BEGIN Data extract
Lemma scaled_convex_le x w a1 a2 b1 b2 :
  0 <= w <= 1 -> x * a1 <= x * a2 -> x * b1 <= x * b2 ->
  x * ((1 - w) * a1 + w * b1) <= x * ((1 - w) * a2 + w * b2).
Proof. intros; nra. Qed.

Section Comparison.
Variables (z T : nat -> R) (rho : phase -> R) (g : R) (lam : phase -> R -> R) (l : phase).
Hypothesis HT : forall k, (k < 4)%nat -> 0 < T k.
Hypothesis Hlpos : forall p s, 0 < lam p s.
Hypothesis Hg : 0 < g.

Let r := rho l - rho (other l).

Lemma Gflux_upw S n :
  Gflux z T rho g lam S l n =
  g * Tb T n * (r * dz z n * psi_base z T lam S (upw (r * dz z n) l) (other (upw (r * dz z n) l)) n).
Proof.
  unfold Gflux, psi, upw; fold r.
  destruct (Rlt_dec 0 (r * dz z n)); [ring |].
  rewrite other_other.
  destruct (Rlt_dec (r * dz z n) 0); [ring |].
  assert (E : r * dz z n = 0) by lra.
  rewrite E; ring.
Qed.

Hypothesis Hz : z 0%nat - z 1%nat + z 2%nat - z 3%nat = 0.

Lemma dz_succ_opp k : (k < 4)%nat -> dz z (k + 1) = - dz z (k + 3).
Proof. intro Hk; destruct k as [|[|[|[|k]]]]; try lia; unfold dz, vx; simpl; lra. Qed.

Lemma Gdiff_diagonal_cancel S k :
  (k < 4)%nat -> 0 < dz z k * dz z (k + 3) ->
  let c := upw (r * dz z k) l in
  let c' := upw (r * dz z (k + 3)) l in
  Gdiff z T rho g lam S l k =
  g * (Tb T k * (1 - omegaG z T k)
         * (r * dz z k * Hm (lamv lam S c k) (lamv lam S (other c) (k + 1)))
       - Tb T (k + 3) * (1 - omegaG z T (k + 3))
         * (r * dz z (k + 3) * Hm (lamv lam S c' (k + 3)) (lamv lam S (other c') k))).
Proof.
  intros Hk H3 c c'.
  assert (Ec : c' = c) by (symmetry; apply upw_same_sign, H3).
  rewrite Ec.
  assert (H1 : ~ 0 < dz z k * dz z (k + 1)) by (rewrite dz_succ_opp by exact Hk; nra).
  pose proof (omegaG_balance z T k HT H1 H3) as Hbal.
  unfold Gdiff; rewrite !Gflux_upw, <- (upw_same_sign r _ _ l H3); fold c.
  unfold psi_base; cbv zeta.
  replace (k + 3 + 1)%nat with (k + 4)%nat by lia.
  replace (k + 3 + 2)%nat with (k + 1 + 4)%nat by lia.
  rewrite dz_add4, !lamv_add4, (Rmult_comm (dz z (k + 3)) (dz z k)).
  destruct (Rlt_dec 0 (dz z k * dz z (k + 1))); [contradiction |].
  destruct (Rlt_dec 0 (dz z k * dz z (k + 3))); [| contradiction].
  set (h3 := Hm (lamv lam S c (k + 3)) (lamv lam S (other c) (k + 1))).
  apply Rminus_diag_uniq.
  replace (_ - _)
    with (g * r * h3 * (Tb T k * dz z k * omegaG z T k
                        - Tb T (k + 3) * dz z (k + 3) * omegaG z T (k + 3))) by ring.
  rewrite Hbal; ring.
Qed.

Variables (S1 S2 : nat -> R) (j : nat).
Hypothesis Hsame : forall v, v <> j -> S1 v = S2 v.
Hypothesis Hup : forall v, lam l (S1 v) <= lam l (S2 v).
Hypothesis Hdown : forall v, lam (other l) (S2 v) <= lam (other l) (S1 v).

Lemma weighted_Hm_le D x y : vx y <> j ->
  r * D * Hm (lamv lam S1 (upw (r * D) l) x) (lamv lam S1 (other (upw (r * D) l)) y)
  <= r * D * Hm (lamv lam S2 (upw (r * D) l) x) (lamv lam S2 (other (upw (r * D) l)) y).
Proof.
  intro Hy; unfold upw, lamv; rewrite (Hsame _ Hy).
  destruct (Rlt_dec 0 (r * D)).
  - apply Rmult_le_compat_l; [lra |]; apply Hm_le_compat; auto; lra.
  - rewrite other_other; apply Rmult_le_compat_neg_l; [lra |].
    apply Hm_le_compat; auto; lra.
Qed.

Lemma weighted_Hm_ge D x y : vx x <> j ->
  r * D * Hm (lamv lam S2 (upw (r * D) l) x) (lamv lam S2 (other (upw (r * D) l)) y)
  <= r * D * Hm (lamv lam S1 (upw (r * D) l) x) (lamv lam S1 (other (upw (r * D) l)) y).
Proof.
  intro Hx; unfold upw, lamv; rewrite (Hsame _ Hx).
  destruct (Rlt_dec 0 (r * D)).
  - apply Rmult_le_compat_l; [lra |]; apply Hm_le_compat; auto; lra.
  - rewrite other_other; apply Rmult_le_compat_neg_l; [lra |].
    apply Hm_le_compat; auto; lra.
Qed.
END Data extract
BEGIN Data extract
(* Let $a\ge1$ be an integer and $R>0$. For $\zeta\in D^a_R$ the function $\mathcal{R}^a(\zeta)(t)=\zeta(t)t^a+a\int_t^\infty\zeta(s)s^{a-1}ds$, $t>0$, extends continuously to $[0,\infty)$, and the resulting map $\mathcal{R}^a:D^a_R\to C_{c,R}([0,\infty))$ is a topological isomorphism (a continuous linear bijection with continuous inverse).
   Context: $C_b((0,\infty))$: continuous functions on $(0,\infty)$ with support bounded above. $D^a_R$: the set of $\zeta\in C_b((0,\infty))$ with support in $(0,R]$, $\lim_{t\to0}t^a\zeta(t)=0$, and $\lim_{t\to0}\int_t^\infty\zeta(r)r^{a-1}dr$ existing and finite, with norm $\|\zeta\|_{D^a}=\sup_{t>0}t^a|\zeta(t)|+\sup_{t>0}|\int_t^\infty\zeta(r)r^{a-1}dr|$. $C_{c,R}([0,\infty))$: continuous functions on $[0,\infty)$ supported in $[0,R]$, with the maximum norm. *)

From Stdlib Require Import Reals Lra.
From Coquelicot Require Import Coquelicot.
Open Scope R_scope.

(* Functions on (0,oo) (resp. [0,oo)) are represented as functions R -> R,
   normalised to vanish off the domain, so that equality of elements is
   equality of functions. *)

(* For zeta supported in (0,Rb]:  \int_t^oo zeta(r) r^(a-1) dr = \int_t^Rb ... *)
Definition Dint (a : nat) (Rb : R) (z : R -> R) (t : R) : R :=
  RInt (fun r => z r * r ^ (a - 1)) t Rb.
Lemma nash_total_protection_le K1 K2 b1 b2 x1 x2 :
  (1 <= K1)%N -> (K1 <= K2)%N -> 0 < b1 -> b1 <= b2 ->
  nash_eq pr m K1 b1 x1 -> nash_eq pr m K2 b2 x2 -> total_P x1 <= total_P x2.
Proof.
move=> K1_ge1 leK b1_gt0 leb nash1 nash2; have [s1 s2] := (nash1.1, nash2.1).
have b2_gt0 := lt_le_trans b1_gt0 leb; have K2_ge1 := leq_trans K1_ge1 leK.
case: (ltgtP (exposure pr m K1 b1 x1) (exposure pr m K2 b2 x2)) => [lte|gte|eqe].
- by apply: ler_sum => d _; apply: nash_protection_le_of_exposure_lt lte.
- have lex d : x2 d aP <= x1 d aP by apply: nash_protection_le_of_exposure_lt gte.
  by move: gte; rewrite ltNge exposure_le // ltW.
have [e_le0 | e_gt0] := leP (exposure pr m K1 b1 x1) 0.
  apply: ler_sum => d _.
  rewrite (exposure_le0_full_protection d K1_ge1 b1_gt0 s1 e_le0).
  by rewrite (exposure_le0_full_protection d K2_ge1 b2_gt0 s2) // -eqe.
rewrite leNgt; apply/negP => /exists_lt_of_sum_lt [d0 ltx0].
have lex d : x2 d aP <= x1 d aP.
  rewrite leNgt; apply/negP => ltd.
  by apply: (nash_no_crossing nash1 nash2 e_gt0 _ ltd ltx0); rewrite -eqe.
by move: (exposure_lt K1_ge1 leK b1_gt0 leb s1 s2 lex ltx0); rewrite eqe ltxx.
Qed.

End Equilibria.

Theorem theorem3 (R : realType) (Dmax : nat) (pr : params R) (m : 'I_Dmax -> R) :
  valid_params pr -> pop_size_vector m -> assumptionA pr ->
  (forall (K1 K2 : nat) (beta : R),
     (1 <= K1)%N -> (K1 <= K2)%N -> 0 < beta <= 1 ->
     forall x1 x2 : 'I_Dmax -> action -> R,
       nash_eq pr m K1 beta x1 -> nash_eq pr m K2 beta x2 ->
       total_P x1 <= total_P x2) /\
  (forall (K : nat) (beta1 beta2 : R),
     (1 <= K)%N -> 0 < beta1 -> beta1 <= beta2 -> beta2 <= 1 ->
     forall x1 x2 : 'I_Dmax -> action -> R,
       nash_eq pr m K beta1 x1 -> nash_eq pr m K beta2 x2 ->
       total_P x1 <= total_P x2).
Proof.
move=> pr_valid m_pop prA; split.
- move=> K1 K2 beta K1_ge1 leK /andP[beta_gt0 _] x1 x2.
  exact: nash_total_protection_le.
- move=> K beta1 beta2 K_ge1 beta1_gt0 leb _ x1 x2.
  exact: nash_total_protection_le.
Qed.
END Data extract
# Work task
Look above for the line that contains "Lemma dz_succ_opp k". Starting there, transcribe every line exactly until you have copied the line that contains "let c := upw (r * dz z k) l in".

# Response
Lemma dz_succ_opp k : (k < 4)%nat -> dz z (k + 1) = - dz z (k + 3).
Proof. intro Hk; destruct k as [|[|[|[|k]]]]; try lia; unfold dz, vx; simpl; lra. Qed.

Lemma Gdiff_diagonal_cancel S k :
  (k < 4)%nat -> 0 < dz z k * dz z (k + 3) ->
  let c := upw (r * dz z k) l in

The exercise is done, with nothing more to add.